Amun grimaced and ran a hand over his face and through his hair. At least he didn't seem to like what he was about to say. It was a small victory, but it was something.
"If we can't fix things by doing them our way, then we should try something different."
I blinked a few times, trying to process what he was saying and not just repeat his words.
"You think doing things Seth's way will change things for the better?" I couldn't believe what I was hearing. It was a crazy idea.

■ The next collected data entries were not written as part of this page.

(* Let $R$ be a commutative Noetherian ring with $\operatorname{Spec}(R)$ connected, and let $\phi\colon\mathbb{Z}\to\mathsf{P}(\operatorname{Spec}(R))$ be an sp-filtration satisfying the weak Cousin condition which is neither the constant filtration with value $\varnothing$ nor the constant filtration with value $\operatorname{Spec}(R)$. Then: (1) $\bigcap_{i\in\mathbb{Z}}\phi(i)=\varnothing$; (2) there exists $j_0\in\mathbb{Z}$ with $\phi(j_0)=\operatorname{Spec}(R)$; (3) if $R$ has finite Krull dimension, there exists $k\in\mathbb{Z}$ with $\phi(k)=\varnothing$.
   Context: An sp-filtration is a decreasing map $\phi\colon\mathbb{Z}\to\mathsf{P}(\operatorname{Spec}(R))$ whose values are subsets stable under specialization. $\phi$ satisfies the weak Cousin condition if for every $j\in\mathbb{Z}$ and primes ${\mathfrak p}\subsetneq{\mathfrak q}$ with no prime strictly between them, ${\mathfrak q}\in\phi(j)$ implies ${\mathfrak p}\in\phi(j-1)$. *)

From mathcomp Require Import all_boot all_order all_algebra.
Set Implicit Arguments. Unset Strict Implicit. Unset Printing Implicit Defensive.
Import Order.TTheory GRing.Theory Num.Theory.
Local Open Scope ring_scope.

Section CommAlg.
Variable R : comRingType.

Definition is_ideal (I : R -> Prop) : Prop :=
  [/\ I 0, (forall x y, I x -> I y -> I (x + y)) & (forall r x, I x -> I (r * x))].

Definition is_prime_ideal (P : R -> Prop) : Prop :=
  [/\ is_ideal P, ~ P 1 & (forall a b, P (a * b) -> P a \/ P b)].

Definition Spec := {P : R -> Prop | is_prime_ideal P}.

Definition prime_le (p q : Spec) : Prop := forall x, proj1_sig p x -> proj1_sig q x.
Definition prime_lt (p q : Spec) : Prop :=
  prime_le p q /\ exists x, proj1_sig q x /\ ~ proj1_sig p x.

Definition noetherian : Prop :=
  forall I : nat -> (R -> Prop),
    (forall n, is_ideal (I n)) ->
    (forall n x, I n x -> I n.+1 x) ->
    exists n, forall m, (n <= m)%N -> forall x, I m x <-> I n x.

Definition V (I : R -> Prop) (p : Spec) : Prop := forall x, I x -> proj1_sig p x.

(* Spec R is connected in the Zariski topology: it is not the disjoint
   union of two nonempty closed subsets (closed sets are exactly the V(I)). *)
Definition spec_connected : Prop :=
  forall I J : R -> Prop, is_ideal I -> is_ideal J ->
    (forall p, V I p \/ V J p) ->
    (forall p, ~ (V I p /\ V J p)) ->
    (forall p, ~ V I p) \/ (forall p, ~ V J p).

Definition finite_krull_dim : Prop :=
  exists n : nat, forall (m : nat) (c : nat -> Spec),
    (forall k, (k < m)%N -> prime_lt (c k) (c k.+1)) -> (m <= n)%N.

Definition sp_stable (S : Spec -> Prop) : Prop :=
  forall p q, S p -> prime_le p q -> S q.

Definition sp_filtration (phi : int -> Spec -> Prop) : Prop :=
  (forall i, sp_stable (phi i)) /\
  (forall i j p, i <= j -> phi j p -> phi i p).

Definition weak_cousin (phi : int -> Spec -> Prop) : Prop :=
  forall (j : int) (p q : Spec),
    prime_lt p q ->
    (forall r : Spec, ~ (prime_lt p r /\ prime_lt r q)) ->
    phi j q -> phi (j - 1) p.

End CommAlg.

(* A subset X of Spec R closed under both specialization and generalization is V of
   the intersection of the minimal primes it contains (prime avoidance over the finitely
   many minimal primes), and so is its complement; connectedness forces X to be empty or
   everything.  For a weak Cousin sp-filtration phi, the meet and the union of the phi i
   are closed under specialization, and the weak Cousin condition closes them under
   generalization along covers p < q (no prime strictly between).  In a Noetherian ring
   every strict inclusion p < q contains a cover p < r <= q: take r minimal over p + (x)
   with x in q \ p; Krull's principal ideal theorem, proved through the Artinian ring
   R_r/(p + (x)) and Nakayama's lemma, shows that r covers p.  Hence the meet is empty
   and the union is all of Spec R, which gives (1), and (2) because only finitely many
   minimal primes need to be reached.  Along a chain of primes the index drops by at most
   its length, which is bounded by the Krull dimension, giving (3). *)

From mathcomp Require Import all_boot all_order all_algebra.
From mathcomp Require Import ring.
From Stdlib Require Import Classical ClassicalEpsilon.
Import Order.TTheory GRing.Theory Num.Theory.
Local Open Scope ring_scope.
Set Implicit Arguments. Unset Strict Implicit. Unset Printing Implicit Defensive.

Section Ideals.
Variable R : comRingType.
Implicit Types (I J P X Y : R -> Prop) (a b x z : R).

Definition incl X Y := forall z, X z -> Y z.

Lemma ideal0 I : is_ideal I -> I 0. Proof. by case. Qed.

Lemma idealD I a b : is_ideal I -> I a -> I b -> I (a + b).
Proof. by case=> _ H _; apply: H. Qed.

Lemma idealMl I c a : is_ideal I -> I a -> I (c * a).
Proof. by case=> _ _ H; apply: H. Qed.

Lemma idealMr I c a : is_ideal I -> I a -> I (a * c).
Proof. by rewrite mulrC; apply: idealMl. Qed.

Lemma idealB I a b : is_ideal I -> I a -> I b -> I (a - b).
Proof. by move=> HI Ia Ib; rewrite -mulN1r; apply: idealD (idealMl _ HI Ib). Qed.

Lemma ideal_sum I m n F : is_ideal I ->
  (forall i, (m <= i < n)%N -> I (F i)) -> I (\sum_(m <= i < n) F i).
Proof.
move=> HI HF; rewrite big_seq; apply: big_ind => [||i]; first exact: ideal0.
  by move=> u v; apply: idealD.
by rewrite mem_index_iota => /HF.
Qed.
(* Let $f:M\to\mathbb{R}^3$ be an immersion with eq\''uiaffine transversal vector field $\xi$ and positive definite induced bilinear form $h$, let $(u,v)$ be isothermal coordinates centered at an umbilical point $(0,0)$ of order $\ge k$, with $\lambda_0=b_{11}(0,0)=b_{22}(0,0)\neq0$, and set $q_0=f(0,0)+\lambda_0^{-1}\xi(0,0)$. Let $\nu$ be the co-normal, $p=\nu\cdot(f-q_0)$, $\mathcal{P}=(p_{uu}-p_{vv},2p_{uv})$ and $\mathcal{B}=(b_{11}-b_{22},2b_{12})$. Then $$J_k\mathcal{P}=\lambda_0^{-1}\delta_0\,J_k\mathcal{B},$$ where $J_k$ denotes the $k$-jet at $(0,0)$ and $\delta_0=\delta(0,0)$ with $\delta=[f_u,f_v,\xi][\nu,\nu_u,\nu_v]/\rho$.
   Context: $D$ is the flat connection of $\mathbb{R}^3$; $h$ and the shape operator $B$ are defined by $D_Xf_*Y=f_*(\nabla_XY)+h(X,Y)\xi$, $D_X\xi=-f_*(BX)+\tau(X)\xi$, eq\''uiaffine meaning $\tau=0$. Isothermal coordinates: $h(\partial_u,\partial_u)=h(\partial_v,\partial_v)=\rho$, $h(\partial_u,\partial_v)=0$. The matrix of $B$ is given by $\xi_u=-b_{11}f_u-b_{21}f_v$, $\xi_v=-b_{12}f_u-b_{22}f_v$ (with $b_{12}=b_{21}$). Umbilical: $B$ a multiple of the identity; order $\ge k$ means the $(k-1)$-jet of $\mathcal{B}$ at $(0,0)$ vanishes. The co-normal $\nu$ satisfies $\nu\cdot f_u=\nu\cdot f_v=0$, $\nu\cdot\xi=1$; $[a,b,c]$ is the determinant of three vectors. *)

From Stdlib Require Import Reals List.
From Coquelicot Require Import Coquelicot.
Open Scope R_scope.

Definition sfun := R -> R -> R.

Definition du (g : sfun) : sfun := fun u v => Derive (fun t => g t v) u.
Definition dv (g : sfun) : sfun := fun u v => Derive (fun t => g u t) v.

(** Iterated partial derivative along a word (true = d/du, false = d/dv),
    the head of the list being applied last. *)
Fixpoint dword (w : list bool) (g : sfun) : sfun :=
  match w with
  | nil => g
  | b :: w' => (if b then du else dv) (dword w' g)
  end.

Definition Dpart (i j : nat) (g : sfun) : sfun :=
  Nat.iter i du (Nat.iter j dv g).

Definition coord_disc (r u v : R) : Prop := u ^ 2 + v ^ 2 < r ^ 2.

Definition smooth_on (r : R) (g : sfun) : Prop :=
  forall (w : list bool) (u v : R), coord_disc r u v ->
    continuity_2d_pt (dword w g) u v /\
    ex_derive (fun t => dword w g t v) u /\
    ex_derive (fun t => dword w g u t) v.

Definition vec := (R * R * R)%type.
Definition vx (a : vec) : R := fst (fst a).
Definition vy (a : vec) : R := snd (fst a).
Definition vz (a : vec) : R := snd a.
Definition vadd (a b : vec) : vec := (vx a + vx b, vy a + vy b, vz a + vz b).
Definition vscal (c : R) (a : vec) : vec := (c * vx a, c * vy a, c * vz a).
Definition dot (a b : vec) : R := vx a * vx b + vy a * vy b + vz a * vz b.
(** [a,b,c] = det of the three vectors (= a . (b x c)). *)
Definition det3 (a b c : vec) : R :=
  vx a * (vy b * vz c - vz b * vy c)
  - vy a * (vx b * vz c - vz b * vx c)
  + vz a * (vx b * vy c - vy b * vx c).

Definition vfun := R -> R -> vec.
Definition compx (F : vfun) : sfun := fun u v => vx (F u v).
Definition compy (F : vfun) : sfun := fun u v => vy (F u v).
Definition compz (F : vfun) : sfun := fun u v => vz (F u v).
Definition vdu (F : vfun) : vfun :=
  fun u v => (du (compx F) u v, du (compy F) u v, du (compz F) u v).
Definition vdv (F : vfun) : vfun :=
  fun u v => (dv (compx F) u v, dv (compy F) u v, dv (compz F) u v).

Definition vsmooth_on (r : R) (F : vfun) : Prop :=
  smooth_on r (compx F) /\ smooth_on r (compy F) /\ smooth_on r (compz F).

"It's worth a try," he said softly.
"No. It isn't."
"Hathor..."
"No," I repeated. "I think it's best you leave."
Amun's shock mirrored my own. I doubted either of us would have expected this of me.
He opened his mouth to argue, but thought better of it, and turned to leave.
I held myself steady until the moment the door was shut behind him, then let out a long steady breath.
I had a big problem on my hands, and Amun believing Seth's rhetoric was only part of it.
Somehow, I had to explain all of this to Ma'at, and I had no idea where to start.
Tears stung the corners of my eyes. I almost couldn't believe I'd banished him from my rooms. I knew it was the right thing to do, but that didn't stop it from hurting. He was the first person to make me believe in myself for a very long time, and it was hard to move past that.
A single tear rolled down my cheek and splashed to the floor. I wiped the others away furiously. I was a goddess. I wasn't going to let a man reduce me to tears, even if he was a god.
Ura hissed from the bed, and I turned to my pet.
I made my way over to the bed, where she was still on high alert. I reached out and stroked her head gently. "I'm sorry," I whispered. "I didn't mean for you to be disturbed."
She hissed again and began to coil herself around my arm, tight enough that she wouldn't fall off, but nowhere near a tightness which would hurt me. It was something she'd perfected over the years we'd spent together.
After she was safely in place, I sat down on my bed.
"What am I going to do, Ura?" I asked.
She swayed her head back and forth, not offering an answer to my question. I shouldn't be surprised. She wasn't exactly the most talkative type.
Maybe it was time I at least talked to Khonsu about Amun. He'd understand, I was sure of it.
I'd do that tomorrow. No doubt he'd be spending the rest of the evening with Horus, and that was something I had no desire to get in the middle of.
After my meeting with Anku and one of Ptah's builders. I couldn't believe I'd almost forgotten about that. It would take years to rebuild the temple Seth destroyed, it was better we got started sooner, rather than later.